28. The system of claim 27 , further comprising a counter coupled between the comparator and the plurality of registers.

29. The system of claim 26 , further comprising a digital-to-analog converter coupled between the plurality of registers and the pre-driver.

30. The system of claim 29 , wherein an analog signal from the digital-to-analog converter configures the pre-driver.

31. The system of claim 29 , wherein an analog signal from the digital-to-analog converter is coupled to a gate of a transistor of the pre-driver.

32. The system of claim 26 , further comprising an input to receive an externally provided value and adjustment combining logic to combine the externally provided value and a value stored in the selected register to produce an adjusted value; wherein the pre-driver is configured in accordance with the adjusted value.

33. The system of claim 26 , further comprising a process/voltage/temperature (PVT) detector, and adjustment combining logic to combine a value from the PVT detector and a value stored in the selected register to produce an adjusted value; wherein the pre-driver is configured in accordance with the adjusted value.

34. The system of claim 33 , wherein the value from the PVT detector is a digital code.

35. The system of claim 33 , wherein the PVT detector comprises a delay lock loop (DLL).

36. The system of claim 33 , wherein the PVT detector includes a frequency detector to track operating frequency.

37. The system of claim 33 , further comprising an input to receive externally provided values for storage in the plurality of registers.

38. The system of claim 26 , further comprising a frequency detector to track operating frequency, and adjustment combining logic to combine a value from the frequency detector and the value stored in the selected register to produce an adjusted value; wherein the pre-driver is configured in accordance with the adjusted value.

39. A method of generating an output signal for one of a plurality of signaling types, comprising: selecting one of a plurality of registers, each respective register storing a value suitable for configuring a pre-driver to generate an output signal with a duty cycle of a respective signaling type of the plurality of signaling types; and configuring the pre-driver according to the selected register, the pre-driver generating an output signal with a duty cycle corresponding to the value stored in the selected register.

40. The method of claim 39 , including receiving input specifying the selected register or specifying the signaling type corresponding to the value stored in the selected register.
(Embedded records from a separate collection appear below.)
(* Let $F$ be an infinite family of index sets linearly ordered by $\subseteq$ such that $I_1\subsetneq I_2$ in $F$ implies $I_2\setminus I_1$ is infinite, and let $\mathcal{T}_F=\{T_I\mid I\in F\}$. If $F$ is discrete, then $\mathcal{T}_F$ is the least generating set for $\mathrm{Cl}_E(\mathcal{T}_F)$.
   Context: A predicate symbol $R$ is non-empty for a theory $T$ if $T\vdash\exists\bar x R(\bar x)$, empty otherwise. A complete theory $T$ in a predicate language is language uniform (LU) if for each arity $m$, every permutation of the set of $m$-ary symbols non-empty for $T$ preserves $T$. Let $T_0$ be a complete LU-theory in a relational language $\Sigma_0$, let $n\ge1$, and let $\{R_k\mid k\in I_0\}$, $I_0$ infinite, be the set of $n$-ary symbols of $\Sigma_0$ that are non-empty for $T_0$. Let $\Sigma'=\{R_k\mid k\in I_0\}\cup\{$symbols of $\Sigma_0$ of arity $\neq n\}$. An index set is an infinite $I\subseteq I_0$ with $|I|=|I_0|$ and $|I_0\setminus I|$ equal to the number of $n$-ary symbols of $\Sigma_0$ that are empty for $T_0$. For an index set $I$, $T_I$ is the complete $\Sigma'$-theory axiomatized by the restriction of $T_0$ to the language $\{R_k\mid k\in I\}\cup\{$symbols of arity $\ne n\}$ together with $\{\forall\bar x\neg R_l(\bar x)\mid l\in I_0\setminus I\}$. $E$-closure (over $\Sigma'$): let $E$ be a new binary symbol. The $E$-combination of a family $(\mathcal{A}_i)_i$ of $\Sigma'$-structures with disjoint universes is the $(\Sigma'\cup\{E\})$-structure on $\bigcup_iA_i$ with $E$ the equivalence relation whose classes are the $A_i$ and each $R\in\Sigma'$ interpreted as $\bigcup_iR^{\mathcal{A}_i}$. For a set $\mathcal{T}$ of complete $\Sigma'$-theories, $\mathrm{Cl}_E(\mathcal{T})$ is the set of complete theories of the $E$-classes (as induced $\Sigma'$-structures) of structures elementarily equivalent to some $E$-combination of structures whose theories lie in $\mathcal{T}$. For an $E$-closed set $\mathcal{C}$ ($\mathrm{Cl}_E(\mathcal{C})=\mathcal{C}$), a subset $\mathcal{G}\subseteq\mathcal{C}$ is generating if $\mathrm{Cl}_E(\mathcal{G})=\mathcal{C}$; it is the least generating set if it is generating, has no proper generating subset, and is contained in every generating set. For infinite $F'\subseteq F$: $\bigcup F'$ is an (upper) accumulation point of $F'$ if $\bigcup F'\notin F'$, and $\bigcap F'$ is a (lower) accumulation point of $F'$ if $\bigcap F'\notin F'$. $F$ is discrete if no element of $F$ is an accumulation point of some infinite $F'\subseteq F$. *)

From Stdlib Require Import List Arith.
Import ListNotations.
Set Implicit Arguments.

Inductive form (Sym : Type) : Type :=
| FRel : Sym -> list nat -> form Sym
| FEq  : nat -> nat -> form Sym
| FBot : form Sym
| FImp : form Sym -> form Sym -> form Sym
| FAll : nat -> form Sym -> form Sym.
Arguments FBot {Sym}.
Arguments FRel {Sym}.
Arguments FEq {Sym}.
Arguments FImp {Sym}.
Arguments FAll {Sym}.

Definition FNot {Sym} (p : form Sym) : form Sym := FImp p FBot.
Definition FEx {Sym} (x : nat) (p : form Sym) : form Sym :=
  FNot (FAll x (FNot p)).

Fixpoint fv {Sym} (p : form Sym) : list nat :=
  match p with
  | FRel _ xs => xs
  | FEq x y => [x; y]
  | FBot => []
  | FImp p q => fv p ++ fv q
  | FAll x p => filter (fun y => negb (Nat.eqb y x)) (fv p)
  end.

Fixpoint wf {Sym} (ar : Sym -> nat) (L : Sym -> Prop) (p : form Sym) : Prop :=
  match p with
  | FRel R xs => L R /\ length xs = ar R
  | FEq _ _ => True
  | FBot => True
  | FImp p q => wf ar L p /\ wf ar L q
  | FAll _ p => wf ar L p
  end.

Definition sentence {Sym} (ar : Sym -> nat) (L : Sym -> Prop) (p : form Sym) :=
  wf ar L p /\ fv p = [].

Fixpoint rename {Sym} (s : Sym -> Sym) (p : form Sym) : form Sym :=
  match p with
  | FRel R xs => FRel (s R) xs
  | FEq x y => FEq x y
  | FBot => FBot
  | FImp p q => FImp (rename s p) (rename s q)
  | FAll x p => FAll x (rename s p)
  end.

Definition exR {Sym} (ar : Sym -> nat) (R : Sym) : form Sym :=
  fold_right (fun x p => FEx x p) (FRel R (seq 0 (ar R))) (seq 0 (ar R)).
Definition allnotR {Sym} (ar : Sym -> nat) (R : Sym) : form Sym :=
  fold_right (fun x p => FAll x p) (FNot (FRel R (seq 0 (ar R)))) (seq 0 (ar R)).

Record structure (Sym : Type) := Structure {
  carrier : Type;
  point : carrier;                         (* universes are nonempty *)
  interp : Sym -> list carrier -> Prop }.
Arguments Structure {Sym}.

Definition upd {M : Type} (e : nat -> M) (x : nat) (a : M) : nat -> M :=
  fun y => if Nat.eqb y x then a else e y.

Fixpoint sat {Sym} (M : structure Sym) (e : nat -> carrier M) (p : form Sym)
  : Prop :=
  match p with
  | FRel R xs => interp M R (map e xs)
  | FEq x y => e x = e y
  | FBot => False
  | FImp p q => sat M e p -> sat M e q
  | FAll x p => forall a : carrier M, sat M (upd e x a) p
  end.

Definition holds {Sym} (M : structure Sym) (p : form Sym) : Prop :=
  forall e, sat M e p.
41. The method of claim 39 , wherein configuring comprises: converting of the value in the register from a digital value to an analog signal; and applying the analog signal to a gate of a transistor of the pre-driver.

42. The method of claim 39 , further comprising receiving an externally provided value, combining the value stored in the selected register with the externally provided value to produce an adjusted value, and configuring the pre-driver in accordance with the adjusted value.

43. The method of claim 39 , further including combining the value stored in the selected register with a value obtained from a process/voltage/temperature (PVT) detector to produce a combined value, and configuring the pre-driver in accordance with the combined value.

44. The method of claim 43 , including combining the value stored in the register with the value obtained from the process/voltage/temperature (PVT) detector and an externally provided value to produce a combined value, and configuring the pre-driver in accordance with the combined value.

45. The method of claim 43 , wherein the PVT detector includes a frequency detector and the value obtained from the PVT detector tracks an operating frequency.

46. The method of claim 39 , further including combining the value stored in the selected register with a value obtained from a frequency detector to produce a combined value that tracks an operating frequency, and configuring the pre-driver in accordance with the combined value.